PROMPT: Copy nothing from the entries below except the lines from the one containing "(* For every" through the one containing "(* Generating function", and copy those exactly.

==== EXCERPTED RECORDS ====

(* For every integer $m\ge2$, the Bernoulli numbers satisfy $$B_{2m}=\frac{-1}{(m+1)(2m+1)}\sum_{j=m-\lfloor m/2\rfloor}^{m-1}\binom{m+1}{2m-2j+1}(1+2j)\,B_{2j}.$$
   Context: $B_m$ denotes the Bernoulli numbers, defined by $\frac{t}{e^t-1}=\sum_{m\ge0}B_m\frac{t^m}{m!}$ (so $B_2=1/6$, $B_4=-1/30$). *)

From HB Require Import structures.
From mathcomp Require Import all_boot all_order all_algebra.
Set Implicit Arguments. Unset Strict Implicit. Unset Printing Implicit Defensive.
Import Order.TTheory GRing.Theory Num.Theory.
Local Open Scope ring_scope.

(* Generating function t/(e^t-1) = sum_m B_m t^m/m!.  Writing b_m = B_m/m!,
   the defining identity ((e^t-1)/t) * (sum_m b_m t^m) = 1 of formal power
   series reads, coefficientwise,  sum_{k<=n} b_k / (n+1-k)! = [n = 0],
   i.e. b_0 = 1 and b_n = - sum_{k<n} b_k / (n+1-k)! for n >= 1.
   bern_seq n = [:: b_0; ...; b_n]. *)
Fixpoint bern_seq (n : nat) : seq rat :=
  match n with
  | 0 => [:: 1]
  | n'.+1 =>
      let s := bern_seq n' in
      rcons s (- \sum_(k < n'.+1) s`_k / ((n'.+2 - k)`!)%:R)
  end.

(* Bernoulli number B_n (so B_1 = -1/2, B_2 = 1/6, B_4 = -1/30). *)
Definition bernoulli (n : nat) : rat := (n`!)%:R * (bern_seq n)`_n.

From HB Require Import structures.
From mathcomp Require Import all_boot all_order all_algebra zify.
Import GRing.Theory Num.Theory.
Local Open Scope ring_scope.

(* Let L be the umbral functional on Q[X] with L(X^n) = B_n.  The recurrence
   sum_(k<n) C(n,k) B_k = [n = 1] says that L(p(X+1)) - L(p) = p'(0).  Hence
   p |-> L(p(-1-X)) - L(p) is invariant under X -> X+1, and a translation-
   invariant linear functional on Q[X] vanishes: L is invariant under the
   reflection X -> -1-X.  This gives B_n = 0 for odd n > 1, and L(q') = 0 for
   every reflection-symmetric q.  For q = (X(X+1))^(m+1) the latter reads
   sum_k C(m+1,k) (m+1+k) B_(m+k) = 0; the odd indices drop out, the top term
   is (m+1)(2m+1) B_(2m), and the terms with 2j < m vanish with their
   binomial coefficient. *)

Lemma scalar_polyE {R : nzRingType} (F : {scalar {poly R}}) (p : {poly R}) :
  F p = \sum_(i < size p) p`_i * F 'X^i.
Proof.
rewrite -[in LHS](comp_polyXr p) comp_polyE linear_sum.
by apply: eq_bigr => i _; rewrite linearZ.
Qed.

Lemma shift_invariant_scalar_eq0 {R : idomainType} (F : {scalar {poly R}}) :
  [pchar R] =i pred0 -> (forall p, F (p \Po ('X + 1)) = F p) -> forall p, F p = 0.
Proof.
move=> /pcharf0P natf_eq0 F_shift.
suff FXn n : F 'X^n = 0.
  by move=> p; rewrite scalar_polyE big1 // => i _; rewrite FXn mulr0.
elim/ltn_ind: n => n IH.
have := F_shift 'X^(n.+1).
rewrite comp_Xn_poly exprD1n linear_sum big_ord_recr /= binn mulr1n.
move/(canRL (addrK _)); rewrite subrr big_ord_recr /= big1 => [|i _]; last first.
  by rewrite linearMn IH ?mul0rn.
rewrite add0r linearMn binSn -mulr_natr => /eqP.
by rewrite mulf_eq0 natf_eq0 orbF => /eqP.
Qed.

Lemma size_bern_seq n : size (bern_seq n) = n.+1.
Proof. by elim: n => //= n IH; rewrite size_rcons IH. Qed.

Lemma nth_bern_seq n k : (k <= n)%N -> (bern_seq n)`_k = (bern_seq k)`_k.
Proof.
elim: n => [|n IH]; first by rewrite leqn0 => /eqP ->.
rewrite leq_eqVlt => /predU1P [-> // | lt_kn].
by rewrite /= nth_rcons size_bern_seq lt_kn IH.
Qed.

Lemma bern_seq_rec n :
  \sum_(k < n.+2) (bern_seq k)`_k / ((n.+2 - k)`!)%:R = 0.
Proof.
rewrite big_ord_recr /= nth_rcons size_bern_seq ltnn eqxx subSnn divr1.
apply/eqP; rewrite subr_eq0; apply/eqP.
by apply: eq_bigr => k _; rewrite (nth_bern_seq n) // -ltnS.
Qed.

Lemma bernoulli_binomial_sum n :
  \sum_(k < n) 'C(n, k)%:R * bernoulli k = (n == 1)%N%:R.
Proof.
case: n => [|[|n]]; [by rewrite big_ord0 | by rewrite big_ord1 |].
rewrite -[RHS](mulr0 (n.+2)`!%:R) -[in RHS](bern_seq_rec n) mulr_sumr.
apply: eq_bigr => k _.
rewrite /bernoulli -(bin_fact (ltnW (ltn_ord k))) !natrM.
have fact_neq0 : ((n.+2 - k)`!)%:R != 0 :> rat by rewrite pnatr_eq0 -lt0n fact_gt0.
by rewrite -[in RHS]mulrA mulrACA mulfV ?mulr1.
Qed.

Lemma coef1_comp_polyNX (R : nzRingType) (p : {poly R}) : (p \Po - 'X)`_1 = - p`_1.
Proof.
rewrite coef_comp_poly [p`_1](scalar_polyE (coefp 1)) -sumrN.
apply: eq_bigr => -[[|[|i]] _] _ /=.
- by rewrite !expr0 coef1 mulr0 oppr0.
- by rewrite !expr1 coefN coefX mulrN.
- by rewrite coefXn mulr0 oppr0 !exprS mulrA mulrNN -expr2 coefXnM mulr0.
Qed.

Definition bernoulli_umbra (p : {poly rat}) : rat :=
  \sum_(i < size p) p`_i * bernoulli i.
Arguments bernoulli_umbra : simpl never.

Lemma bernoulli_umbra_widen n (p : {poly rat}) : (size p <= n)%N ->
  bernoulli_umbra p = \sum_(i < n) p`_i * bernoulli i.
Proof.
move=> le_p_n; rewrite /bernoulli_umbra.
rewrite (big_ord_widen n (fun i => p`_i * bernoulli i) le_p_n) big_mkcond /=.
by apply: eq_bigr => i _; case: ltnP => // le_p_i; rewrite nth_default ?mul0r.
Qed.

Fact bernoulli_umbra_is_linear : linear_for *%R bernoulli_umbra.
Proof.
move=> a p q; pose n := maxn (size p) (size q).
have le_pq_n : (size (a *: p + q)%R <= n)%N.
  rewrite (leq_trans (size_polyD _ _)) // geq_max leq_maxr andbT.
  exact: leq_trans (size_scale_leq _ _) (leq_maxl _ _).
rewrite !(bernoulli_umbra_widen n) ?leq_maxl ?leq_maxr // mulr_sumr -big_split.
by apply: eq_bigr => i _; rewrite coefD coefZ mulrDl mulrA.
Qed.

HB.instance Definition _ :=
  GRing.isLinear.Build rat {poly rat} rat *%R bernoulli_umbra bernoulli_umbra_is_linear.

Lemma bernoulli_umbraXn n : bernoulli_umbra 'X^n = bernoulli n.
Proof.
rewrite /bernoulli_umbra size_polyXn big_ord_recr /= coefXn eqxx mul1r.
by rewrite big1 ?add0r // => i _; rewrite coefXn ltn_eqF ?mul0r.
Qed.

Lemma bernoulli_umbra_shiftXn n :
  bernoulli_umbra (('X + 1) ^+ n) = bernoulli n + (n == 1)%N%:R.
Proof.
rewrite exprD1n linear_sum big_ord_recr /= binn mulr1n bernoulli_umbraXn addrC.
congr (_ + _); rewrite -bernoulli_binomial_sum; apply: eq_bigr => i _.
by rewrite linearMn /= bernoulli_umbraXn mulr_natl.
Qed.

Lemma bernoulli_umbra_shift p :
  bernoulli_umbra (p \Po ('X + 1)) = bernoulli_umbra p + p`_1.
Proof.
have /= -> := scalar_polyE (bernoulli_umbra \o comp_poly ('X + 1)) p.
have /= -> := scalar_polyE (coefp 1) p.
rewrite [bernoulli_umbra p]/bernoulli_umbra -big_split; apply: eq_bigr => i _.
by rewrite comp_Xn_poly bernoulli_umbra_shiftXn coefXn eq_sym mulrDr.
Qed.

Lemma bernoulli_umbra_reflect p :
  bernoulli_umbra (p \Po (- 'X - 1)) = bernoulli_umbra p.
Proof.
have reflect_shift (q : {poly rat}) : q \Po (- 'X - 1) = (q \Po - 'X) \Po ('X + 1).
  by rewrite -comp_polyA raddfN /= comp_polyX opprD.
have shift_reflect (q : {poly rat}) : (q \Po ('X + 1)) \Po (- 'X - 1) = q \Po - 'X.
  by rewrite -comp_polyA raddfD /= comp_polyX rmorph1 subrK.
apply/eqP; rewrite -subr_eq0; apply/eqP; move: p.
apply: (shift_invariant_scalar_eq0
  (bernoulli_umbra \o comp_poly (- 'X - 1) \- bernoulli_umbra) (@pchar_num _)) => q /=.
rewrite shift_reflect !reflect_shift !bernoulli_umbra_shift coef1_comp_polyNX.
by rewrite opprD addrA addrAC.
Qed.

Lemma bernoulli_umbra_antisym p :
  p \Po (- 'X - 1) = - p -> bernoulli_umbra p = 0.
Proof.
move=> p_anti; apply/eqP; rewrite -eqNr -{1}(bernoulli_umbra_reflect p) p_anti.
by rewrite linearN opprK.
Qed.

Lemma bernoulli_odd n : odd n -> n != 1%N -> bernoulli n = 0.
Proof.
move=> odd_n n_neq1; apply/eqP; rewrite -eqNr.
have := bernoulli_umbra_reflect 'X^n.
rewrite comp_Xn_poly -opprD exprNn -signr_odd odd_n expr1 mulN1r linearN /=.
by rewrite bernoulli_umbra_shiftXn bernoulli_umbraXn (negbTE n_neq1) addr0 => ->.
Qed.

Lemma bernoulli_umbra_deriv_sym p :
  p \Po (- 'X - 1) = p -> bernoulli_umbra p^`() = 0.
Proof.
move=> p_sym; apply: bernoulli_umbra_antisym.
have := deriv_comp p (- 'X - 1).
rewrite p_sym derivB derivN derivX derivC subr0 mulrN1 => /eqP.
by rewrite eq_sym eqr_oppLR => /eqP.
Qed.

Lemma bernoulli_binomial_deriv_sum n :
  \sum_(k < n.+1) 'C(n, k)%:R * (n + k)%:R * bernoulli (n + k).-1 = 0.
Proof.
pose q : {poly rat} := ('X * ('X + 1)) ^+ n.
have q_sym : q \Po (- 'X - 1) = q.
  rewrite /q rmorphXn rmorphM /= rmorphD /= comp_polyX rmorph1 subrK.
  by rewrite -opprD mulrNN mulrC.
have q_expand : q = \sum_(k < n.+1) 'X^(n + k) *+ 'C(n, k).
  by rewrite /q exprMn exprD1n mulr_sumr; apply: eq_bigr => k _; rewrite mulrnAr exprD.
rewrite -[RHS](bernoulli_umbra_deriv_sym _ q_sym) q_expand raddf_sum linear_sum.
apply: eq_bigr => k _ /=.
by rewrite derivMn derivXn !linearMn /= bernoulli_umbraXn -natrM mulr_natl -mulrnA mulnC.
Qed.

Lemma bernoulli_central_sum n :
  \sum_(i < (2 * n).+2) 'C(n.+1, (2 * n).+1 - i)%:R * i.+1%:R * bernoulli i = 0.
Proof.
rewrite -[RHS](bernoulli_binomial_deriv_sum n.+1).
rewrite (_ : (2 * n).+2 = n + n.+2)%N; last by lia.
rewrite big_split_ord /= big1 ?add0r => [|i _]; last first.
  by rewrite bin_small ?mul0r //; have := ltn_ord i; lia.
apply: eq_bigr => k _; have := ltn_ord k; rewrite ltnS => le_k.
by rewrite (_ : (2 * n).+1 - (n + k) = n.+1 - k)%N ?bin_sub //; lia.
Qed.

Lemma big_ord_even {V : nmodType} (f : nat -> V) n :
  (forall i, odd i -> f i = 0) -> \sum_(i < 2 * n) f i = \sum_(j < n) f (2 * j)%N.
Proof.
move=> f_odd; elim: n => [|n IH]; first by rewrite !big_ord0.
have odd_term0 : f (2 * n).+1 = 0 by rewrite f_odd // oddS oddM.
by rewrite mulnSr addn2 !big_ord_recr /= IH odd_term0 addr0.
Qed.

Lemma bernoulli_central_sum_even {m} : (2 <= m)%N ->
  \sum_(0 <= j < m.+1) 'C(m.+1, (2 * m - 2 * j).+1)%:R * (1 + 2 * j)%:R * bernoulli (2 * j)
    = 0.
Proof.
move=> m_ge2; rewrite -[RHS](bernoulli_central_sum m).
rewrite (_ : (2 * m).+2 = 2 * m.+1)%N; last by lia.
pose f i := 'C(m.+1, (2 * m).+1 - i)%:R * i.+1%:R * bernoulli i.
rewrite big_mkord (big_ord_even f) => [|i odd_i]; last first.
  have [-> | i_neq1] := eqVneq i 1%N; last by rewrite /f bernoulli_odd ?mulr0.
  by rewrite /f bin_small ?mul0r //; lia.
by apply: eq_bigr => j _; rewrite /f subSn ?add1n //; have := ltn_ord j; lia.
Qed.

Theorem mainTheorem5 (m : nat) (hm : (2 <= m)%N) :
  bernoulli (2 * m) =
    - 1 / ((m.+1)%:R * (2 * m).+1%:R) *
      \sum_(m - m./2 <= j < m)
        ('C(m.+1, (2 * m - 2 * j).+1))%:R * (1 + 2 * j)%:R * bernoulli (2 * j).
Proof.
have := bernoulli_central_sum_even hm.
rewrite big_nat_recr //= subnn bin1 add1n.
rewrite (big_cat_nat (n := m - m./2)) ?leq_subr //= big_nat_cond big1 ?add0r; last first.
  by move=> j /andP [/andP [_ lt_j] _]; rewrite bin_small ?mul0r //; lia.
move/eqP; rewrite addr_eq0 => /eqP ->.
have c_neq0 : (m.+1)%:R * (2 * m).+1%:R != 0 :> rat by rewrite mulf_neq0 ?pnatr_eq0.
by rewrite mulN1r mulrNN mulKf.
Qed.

====
==== EXCERPTED RECORDS ====

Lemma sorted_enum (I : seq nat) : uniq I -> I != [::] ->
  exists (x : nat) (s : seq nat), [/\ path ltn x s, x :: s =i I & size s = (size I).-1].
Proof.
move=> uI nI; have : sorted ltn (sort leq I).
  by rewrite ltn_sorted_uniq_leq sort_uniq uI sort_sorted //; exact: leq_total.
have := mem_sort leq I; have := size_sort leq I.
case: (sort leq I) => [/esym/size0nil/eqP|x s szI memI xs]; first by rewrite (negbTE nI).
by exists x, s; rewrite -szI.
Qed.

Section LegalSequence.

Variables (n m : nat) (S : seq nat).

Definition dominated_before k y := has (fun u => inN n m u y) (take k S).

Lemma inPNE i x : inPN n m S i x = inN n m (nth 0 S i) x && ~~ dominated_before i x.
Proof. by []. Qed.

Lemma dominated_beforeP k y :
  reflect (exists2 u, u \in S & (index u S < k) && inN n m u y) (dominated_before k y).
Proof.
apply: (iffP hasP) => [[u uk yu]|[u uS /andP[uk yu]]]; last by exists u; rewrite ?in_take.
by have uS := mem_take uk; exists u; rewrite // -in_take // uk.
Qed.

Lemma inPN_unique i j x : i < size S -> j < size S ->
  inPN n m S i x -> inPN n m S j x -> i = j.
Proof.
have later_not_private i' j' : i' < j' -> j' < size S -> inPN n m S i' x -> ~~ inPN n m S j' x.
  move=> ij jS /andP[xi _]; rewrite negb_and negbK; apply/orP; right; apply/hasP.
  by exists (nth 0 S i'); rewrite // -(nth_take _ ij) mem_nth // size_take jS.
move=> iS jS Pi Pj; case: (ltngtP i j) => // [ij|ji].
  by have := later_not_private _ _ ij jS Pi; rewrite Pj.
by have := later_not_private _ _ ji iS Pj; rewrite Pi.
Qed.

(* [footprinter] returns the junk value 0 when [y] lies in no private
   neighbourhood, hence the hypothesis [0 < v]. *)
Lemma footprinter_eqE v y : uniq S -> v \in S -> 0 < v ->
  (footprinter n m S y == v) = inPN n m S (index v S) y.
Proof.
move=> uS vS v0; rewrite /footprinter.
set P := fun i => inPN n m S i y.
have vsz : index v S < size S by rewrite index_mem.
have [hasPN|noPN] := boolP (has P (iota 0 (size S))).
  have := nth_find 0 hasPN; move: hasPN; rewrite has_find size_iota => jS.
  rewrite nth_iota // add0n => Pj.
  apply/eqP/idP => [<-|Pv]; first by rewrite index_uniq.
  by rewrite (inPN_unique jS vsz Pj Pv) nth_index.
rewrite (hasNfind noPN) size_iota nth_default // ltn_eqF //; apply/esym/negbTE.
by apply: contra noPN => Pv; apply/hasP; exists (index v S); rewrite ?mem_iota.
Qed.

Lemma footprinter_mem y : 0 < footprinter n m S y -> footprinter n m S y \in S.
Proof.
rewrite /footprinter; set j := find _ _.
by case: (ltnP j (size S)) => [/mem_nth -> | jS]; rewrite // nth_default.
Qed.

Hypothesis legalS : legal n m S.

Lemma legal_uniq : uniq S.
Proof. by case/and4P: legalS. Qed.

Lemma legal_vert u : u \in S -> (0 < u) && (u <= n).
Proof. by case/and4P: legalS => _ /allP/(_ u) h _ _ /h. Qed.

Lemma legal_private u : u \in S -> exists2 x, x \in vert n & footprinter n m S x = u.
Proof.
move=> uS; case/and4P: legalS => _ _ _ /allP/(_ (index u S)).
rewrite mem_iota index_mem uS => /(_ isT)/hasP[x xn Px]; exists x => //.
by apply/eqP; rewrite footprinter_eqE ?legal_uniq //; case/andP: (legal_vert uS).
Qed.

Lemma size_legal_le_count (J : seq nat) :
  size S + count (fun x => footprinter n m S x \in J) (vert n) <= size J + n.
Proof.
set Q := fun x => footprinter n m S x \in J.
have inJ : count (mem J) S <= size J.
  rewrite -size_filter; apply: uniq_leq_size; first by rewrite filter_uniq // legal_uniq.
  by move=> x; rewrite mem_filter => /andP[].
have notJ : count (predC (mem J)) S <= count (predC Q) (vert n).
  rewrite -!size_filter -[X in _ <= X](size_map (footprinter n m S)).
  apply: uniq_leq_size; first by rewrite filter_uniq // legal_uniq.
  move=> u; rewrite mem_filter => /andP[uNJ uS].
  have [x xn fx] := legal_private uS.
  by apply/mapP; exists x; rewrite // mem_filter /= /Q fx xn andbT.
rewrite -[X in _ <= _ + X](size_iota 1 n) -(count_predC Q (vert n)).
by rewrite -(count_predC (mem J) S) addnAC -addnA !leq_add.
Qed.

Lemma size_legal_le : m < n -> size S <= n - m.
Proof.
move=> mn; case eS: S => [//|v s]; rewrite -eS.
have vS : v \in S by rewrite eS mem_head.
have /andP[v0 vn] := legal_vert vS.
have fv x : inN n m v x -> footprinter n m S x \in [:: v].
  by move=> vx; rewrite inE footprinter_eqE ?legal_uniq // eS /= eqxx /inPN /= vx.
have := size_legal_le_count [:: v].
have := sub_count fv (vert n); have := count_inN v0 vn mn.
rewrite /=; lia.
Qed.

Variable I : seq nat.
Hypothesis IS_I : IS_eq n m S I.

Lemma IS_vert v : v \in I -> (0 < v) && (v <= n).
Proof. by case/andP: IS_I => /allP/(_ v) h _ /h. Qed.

====
==== EXCERPTED RECORDS ====

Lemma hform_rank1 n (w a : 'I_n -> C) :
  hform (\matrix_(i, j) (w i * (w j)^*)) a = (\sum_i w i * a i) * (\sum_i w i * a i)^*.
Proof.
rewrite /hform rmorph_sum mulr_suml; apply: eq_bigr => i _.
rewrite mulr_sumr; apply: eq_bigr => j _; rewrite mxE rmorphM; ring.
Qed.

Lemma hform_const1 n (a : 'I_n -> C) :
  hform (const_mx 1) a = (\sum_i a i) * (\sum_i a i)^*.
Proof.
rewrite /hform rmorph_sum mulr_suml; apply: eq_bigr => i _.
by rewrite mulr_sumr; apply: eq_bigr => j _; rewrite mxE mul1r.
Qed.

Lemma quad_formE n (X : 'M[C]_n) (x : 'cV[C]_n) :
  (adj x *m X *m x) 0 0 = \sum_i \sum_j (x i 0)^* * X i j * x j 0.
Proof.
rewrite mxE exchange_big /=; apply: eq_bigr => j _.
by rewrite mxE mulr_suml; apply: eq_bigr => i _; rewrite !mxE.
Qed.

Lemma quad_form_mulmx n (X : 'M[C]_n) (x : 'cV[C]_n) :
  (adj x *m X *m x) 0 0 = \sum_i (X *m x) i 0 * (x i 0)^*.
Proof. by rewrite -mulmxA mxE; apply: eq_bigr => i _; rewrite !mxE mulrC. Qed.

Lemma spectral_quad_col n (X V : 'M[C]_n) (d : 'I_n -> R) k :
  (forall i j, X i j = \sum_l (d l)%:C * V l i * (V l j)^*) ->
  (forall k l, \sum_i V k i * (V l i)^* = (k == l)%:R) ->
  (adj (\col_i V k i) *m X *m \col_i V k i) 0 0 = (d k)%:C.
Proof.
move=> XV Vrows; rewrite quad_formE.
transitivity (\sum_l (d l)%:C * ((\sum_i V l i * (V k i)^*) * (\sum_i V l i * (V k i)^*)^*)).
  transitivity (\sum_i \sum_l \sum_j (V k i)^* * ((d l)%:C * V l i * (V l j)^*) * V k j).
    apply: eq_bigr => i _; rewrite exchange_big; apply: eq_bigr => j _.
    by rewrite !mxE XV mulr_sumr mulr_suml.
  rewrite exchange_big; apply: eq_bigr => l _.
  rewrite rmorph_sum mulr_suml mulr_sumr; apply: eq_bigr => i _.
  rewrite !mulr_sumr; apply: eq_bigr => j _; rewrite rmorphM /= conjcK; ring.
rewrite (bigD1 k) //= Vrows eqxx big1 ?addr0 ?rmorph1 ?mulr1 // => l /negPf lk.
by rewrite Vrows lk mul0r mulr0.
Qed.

====

ANSWER SECTION:
(* For every integer $m\ge2$, the Bernoulli numbers satisfy $$B_{2m}=\frac{-1}{(m+1)(2m+1)}\sum_{j=m-\lfloor m/2\rfloor}^{m-1}\binom{m+1}{2m-2j+1}(1+2j)\,B_{2j}.$$
   Context: $B_m$ denotes the Bernoulli numbers, defined by $\frac{t}{e^t-1}=\sum_{m\ge0}B_m\frac{t^m}{m!}$ (so $B_2=1/6$, $B_4=-1/30$). *)

From HB Require Import structures.
From mathcomp Require Import all_boot all_order all_algebra.
Set Implicit Arguments. Unset Strict Implicit. Unset Printing Implicit Defensive.
Import Order.TTheory GRing.Theory Num.Theory.
Local Open Scope ring_scope.

(* Generating function t/(e^t-1) = sum_m B_m t^m/m!.  Writing b_m = B_m/m!,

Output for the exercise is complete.